-- TASK DESCRIPTION --
Take the entries that follow and write them out again, word for word.

-- RAW DATA --
(* Let $S\subset\mathbb R^2$ be a finite set of $n>4$ points, none of which lies at the center $O$ of SED$(S)$, and with no two points on a common ray from $O$. If $S$ is both Pre-regular and Equiangular, then $S$ is Regular, i.e., its points are the vertices of a regular $n$-gon.
   Context: SED$(S)$ is the smallest closed disk containing $S$, SEC$(S)$ its boundary circle, and $O$ its center. $S$ is \emph{Pre-regular} if there is a regular $n$-gon $P$ (the supporting polygon) such that for every pair of adjacent edges of $P$, one of the two edges contains exactly two points of $S$ (possibly at its endpoints) and the relative interior of the other edge contains no point of $S$. $S$ is \emph{Equiangular} if, listing the points of $S$ as $p_0,\dots,p_{n-1}$ in cyclic order around $O$, every angle $\angle p_iOp_{i+1}$ (indices mod $n$) equals $2\pi/n$. *)

From Stdlib Require Export Reals Lra Lia List.
Export ListNotations.
Open Scope R_scope.

Definition pt : Type := (R * R)%type.

Definition dist (p q : pt) : R :=
  sqrt ((fst p - fst q) ^ 2 + (snd p - snd q) ^ 2).

Definition is_SED (P : list pt) (O : pt) (r : R) : Prop :=
  (forall p, In p P -> dist p O <= r) /\
  (forall (c : pt) (r' : R), (forall p, In p P -> dist p c <= r') -> r <= r').

Definition no_common_ray (P : list pt) (O : pt) : Prop :=
  forall p q, In p P -> In q P -> p <> q ->
    ~ (exists l, 0 < l /\ fst q - fst O = l * (fst p - fst O)
                      /\ snd q - snd O = l * (snd p - snd O)).

Definition reg_vertex (n : nat) (c : pt) (rad th : R) (k : nat) : pt :=
  (fst c + rad * cos (th + 2 * PI * INR k / INR n),
   snd c + rad * sin (th + 2 * PI * INR k / INR n)).

Definition on_segment (a b x : pt) : Prop :=
  exists t, 0 <= t <= 1 /\
    x = (fst a + t * (fst b - fst a), snd a + t * (snd b - snd a)).

Definition in_relint (a b x : pt) : Prop :=
  exists t, 0 < t < 1 /\
    x = (fst a + t * (fst b - fst a), snd a + t * (snd b - snd a)).

Definition exactly_two (P : list pt) (a b : pt) : Prop :=
  exists p q, p <> q /\ In p P /\ In q P /\ on_segment a b p /\ on_segment a b q /\
    (forall x, In x P -> on_segment a b x -> x = p \/ x = q).

Definition empty_relint (P : list pt) (a b : pt) : Prop :=
  forall x, In x P -> ~ in_relint a b x.

(* Pre-regular: there is a regular n-gon (n = |S|), whose edges are
   [v_k, v_{(k+1) mod n}], such that for every pair of adjacent edges
   (edge k, edge (k+1) mod n), one contains exactly two points of S and
   the relative interior of the other contains no point of S. *)
Definition pre_regular (P : list pt) : Prop :=
  let n := length P in
  exists (c : pt) (rad th : R), 0 < rad /\
    forall k, (k < n)%nat ->
      let v := reg_vertex n c rad th in
      let k1 := Nat.modulo (S k) n in
      let k2 := Nat.modulo (S k1) n in
      (exactly_two P (v k) (v k1) /\ empty_relint P (v k1) (v k2)) \/
      (exactly_two P (v k1) (v k2) /\ empty_relint P (v k) (v k1)).

Definition angle (a O b : pt) : R :=
  let ux := fst a - fst O in let uy := snd a - snd O in
  let wx := fst b - fst O in let wy := snd b - snd O in
  acos ((ux * wx + uy * wy) / (sqrt (ux ^ 2 + uy ^ 2) * sqrt (wx ^ 2 + wy ^ 2))).

(* Equiangular: listing the points of S as p_0, ..., p_{n-1} in cyclic
   (counterclockwise) order around O -- i.e. with polar angles
   th_0 < th_1 < ... < th_{n-1} < th_0 + 2 PI -- every angle
   p_i O p_{(i+1) mod n} equals 2 PI / n. *)
Definition equiangular (P : list pt) (O : pt) : Prop :=
  let n := length P in
  exists (p : nat -> pt) (rho th : nat -> R),
    (forall x, In x P <-> exists i, (i < n)%nat /\ p i = x) /\
    (forall i, (i < n)%nat -> 0 < rho i /\
        p i = (fst O + rho i * cos (th i), snd O + rho i * sin (th i))) /\
    (forall i, (S i < n)%nat -> th i < th (S i)) /\
    (th (pred n) < th 0%nat + 2 * PI) /\
    (forall i, (i < n)%nat ->
        angle (p i) O (p (Nat.modulo (S i) n)) = 2 * PI / INR n).

Definition regular (P : list pt) : Prop :=
  let n := length P in
  exists (c : pt) (rad th : R), 0 < rad /\
    forall x, In x P <-> exists k, (k < n)%nat /\ x = reg_vertex n c rad th k.

From Stdlib Require Import ZArith Classical_Prop.
Open Scope R_scope.

(* Write the points of S in polar form about O: equiangularity forces
   consecutive polar angles to differ by exactly 2 PI / n.  If two points of S
   lie on a common edge of the supporting polygon P, their angular separation
   seen from O is a positive multiple of 2 PI / n, so (by a tangent estimate)
   they are at least 2 d tan (PI / n) apart, where d is the signed distance
   from O to the line of the edge.  As the edge has length 2 R sin (PI / n),
   d is at most the apothem R cos (PI / n): O - c has a nonnegative component
   along the apothem direction of every full edge, c being the centre of P.
   Of two adjacent edges one is full, and for n > 4 some two consecutive
   apothem directions both point away from any O <> c, so O = c.  Then d
   equals the apothem, the two points of a full edge are its endpoints, every
   vertex of P is an endpoint of a full edge, and S, having n points, is the
   vertex set of P. *)

Definition polar (c : pt) (r t : R) : pt := (fst c + r * cos t, snd c + r * sin t).

Definition seg (a b : pt) (t : R) : pt :=
  (fst a + t * (fst b - fst a), snd a + t * (snd b - snd a)).

Definition dir_coord (u : R) (c x : pt) : R :=
  cos u * (fst x - fst c) + sin u * (snd x - snd c).

Definition perp_coord (u : R) (c x : pt) : R :=
  - sin u * (fst x - fst c) + cos u * (snd x - snd c).

Definition apothem_dir (n : nat) (th : R) (K : nat) : R :=
  th + 2 * PI * INR K / INR n + PI / INR n.

Definition full_edge (X : list pt) (c : pt) (rad th : R) (K : nat) : Prop :=
  exactly_two X (reg_vertex (length X) c rad th K)
                (reg_vertex (length X) c rad th (S K)).

Lemma seg_0 (a b : pt) : seg a b 0 = a.
Proof. destruct a; unfold seg; simpl; f_equal; ring. Qed.

Lemma seg_1 (a b : pt) : seg a b 1 = b.
Proof. destruct a, b; unfold seg; simpl; f_equal; ring. Qed.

-- ANSWER TO THIS PROBLEM --
(* Let $S\subset\mathbb R^2$ be a finite set of $n>4$ points, none of which lies at the center $O$ of SED$(S)$, and with no two points on a common ray from $O$. If $S$ is both Pre-regular and Equiangular, then $S$ is Regular, i.e., its points are the vertices of a regular $n$-gon.
   Context: SED$(S)$ is the smallest closed disk containing $S$, SEC$(S)$ its boundary circle, and $O$ its center. $S$ is \emph{Pre-regular} if there is a regular $n$-gon $P$ (the supporting polygon) such that for every pair of adjacent edges of $P$, one of the two edges contains exactly two points of $S$ (possibly at its endpoints) and the relative interior of the other edge contains no point of $S$. $S$ is \emph{Equiangular} if, listing the points of $S$ as $p_0,\dots,p_{n-1}$ in cyclic order around $O$, every angle $\angle p_iOp_{i+1}$ (indices mod $n$) equals $2\pi/n$. *)

From Stdlib Require Export Reals Lra Lia List.
Export ListNotations.
Open Scope R_scope.

Definition pt : Type := (R * R)%type.

Definition dist (p q : pt) : R :=
  sqrt ((fst p - fst q) ^ 2 + (snd p - snd q) ^ 2).

Definition is_SED (P : list pt) (O : pt) (r : R) : Prop :=
  (forall p, In p P -> dist p O <= r) /\
  (forall (c : pt) (r' : R), (forall p, In p P -> dist p c <= r') -> r <= r').

Definition no_common_ray (P : list pt) (O : pt) : Prop :=
  forall p q, In p P -> In q P -> p <> q ->
    ~ (exists l, 0 < l /\ fst q - fst O = l * (fst p - fst O)
                      /\ snd q - snd O = l * (snd p - snd O)).

Definition reg_vertex (n : nat) (c : pt) (rad th : R) (k : nat) : pt :=
  (fst c + rad * cos (th + 2 * PI * INR k / INR n),
   snd c + rad * sin (th + 2 * PI * INR k / INR n)).

Definition on_segment (a b x : pt) : Prop :=
  exists t, 0 <= t <= 1 /\
    x = (fst a + t * (fst b - fst a), snd a + t * (snd b - snd a)).

Definition in_relint (a b x : pt) : Prop :=
  exists t, 0 < t < 1 /\
    x = (fst a + t * (fst b - fst a), snd a + t * (snd b - snd a)).

Definition exactly_two (P : list pt) (a b : pt) : Prop :=
  exists p q, p <> q /\ In p P /\ In q P /\ on_segment a b p /\ on_segment a b q /\
    (forall x, In x P -> on_segment a b x -> x = p \/ x = q).

Definition empty_relint (P : list pt) (a b : pt) : Prop :=
  forall x, In x P -> ~ in_relint a b x.

(* Pre-regular: there is a regular n-gon (n = |S|), whose edges are
   [v_k, v_{(k+1) mod n}], such that for every pair of adjacent edges
   (edge k, edge (k+1) mod n), one contains exactly two points of S and
   the relative interior of the other contains no point of S. *)
Definition pre_regular (P : list pt) : Prop :=
  let n := length P in
  exists (c : pt) (rad th : R), 0 < rad /\
    forall k, (k < n)%nat ->
      let v := reg_vertex n c rad th in
      let k1 := Nat.modulo (S k) n in
      let k2 := Nat.modulo (S k1) n in
      (exactly_two P (v k) (v k1) /\ empty_relint P (v k1) (v k2)) \/
      (exactly_two P (v k1) (v k2) /\ empty_relint P (v k) (v k1)).

Definition angle (a O b : pt) : R :=
  let ux := fst a - fst O in let uy := snd a - snd O in
  let wx := fst b - fst O in let wy := snd b - snd O in
  acos ((ux * wx + uy * wy) / (sqrt (ux ^ 2 + uy ^ 2) * sqrt (wx ^ 2 + wy ^ 2))).

(* Equiangular: listing the points of S as p_0, ..., p_{n-1} in cyclic
   (counterclockwise) order around O -- i.e. with polar angles
   th_0 < th_1 < ... < th_{n-1} < th_0 + 2 PI -- every angle
   p_i O p_{(i+1) mod n} equals 2 PI / n. *)
Definition equiangular (P : list pt) (O : pt) : Prop :=
  let n := length P in
  exists (p : nat -> pt) (rho th : nat -> R),
    (forall x, In x P <-> exists i, (i < n)%nat /\ p i = x) /\
    (forall i, (i < n)%nat -> 0 < rho i /\
        p i = (fst O + rho i * cos (th i), snd O + rho i * sin (th i))) /\
    (forall i, (S i < n)%nat -> th i < th (S i)) /\
    (th (pred n) < th 0%nat + 2 * PI) /\
    (forall i, (i < n)%nat ->
        angle (p i) O (p (Nat.modulo (S i) n)) = 2 * PI / INR n).

Definition regular (P : list pt) : Prop :=
  let n := length P in
  exists (c : pt) (rad th : R), 0 < rad /\
    forall x, In x P <-> exists k, (k < n)%nat /\ x = reg_vertex n c rad th k.

From Stdlib Require Import ZArith Classical_Prop.
Open Scope R_scope.

(* Write the points of S in polar form about O: equiangularity forces
   consecutive polar angles to differ by exactly 2 PI / n.  If two points of S
   lie on a common edge of the supporting polygon P, their angular separation
   seen from O is a positive multiple of 2 PI / n, so (by a tangent estimate)
   they are at least 2 d tan (PI / n) apart, where d is the signed distance
   from O to the line of the edge.  As the edge has length 2 R sin (PI / n),
   d is at most the apothem R cos (PI / n): O - c has a nonnegative component
   along the apothem direction of every full edge, c being the centre of P.
   Of two adjacent edges one is full, and for n > 4 some two consecutive
   apothem directions both point away from any O <> c, so O = c.  Then d
   equals the apothem, the two points of a full edge are its endpoints, every
   vertex of P is an endpoint of a full edge, and S, having n points, is the
   vertex set of P. *)

Definition polar (c : pt) (r t : R) : pt := (fst c + r * cos t, snd c + r * sin t).

Definition seg (a b : pt) (t : R) : pt :=
  (fst a + t * (fst b - fst a), snd a + t * (snd b - snd a)).

Definition dir_coord (u : R) (c x : pt) : R :=
  cos u * (fst x - fst c) + sin u * (snd x - snd c).

Definition perp_coord (u : R) (c x : pt) : R :=
  - sin u * (fst x - fst c) + cos u * (snd x - snd c).

Definition apothem_dir (n : nat) (th : R) (K : nat) : R :=
  th + 2 * PI * INR K / INR n + PI / INR n.

Definition full_edge (X : list pt) (c : pt) (rad th : R) (K : nat) : Prop :=
  exactly_two X (reg_vertex (length X) c rad th K)
                (reg_vertex (length X) c rad th (S K)).

Lemma seg_0 (a b : pt) : seg a b 0 = a.
Proof. destruct a; unfold seg; simpl; f_equal; ring. Qed.

Lemma seg_1 (a b : pt) : seg a b 1 = b.
Proof. destruct a, b; unfold seg; simpl; f_equal; ring. Qed.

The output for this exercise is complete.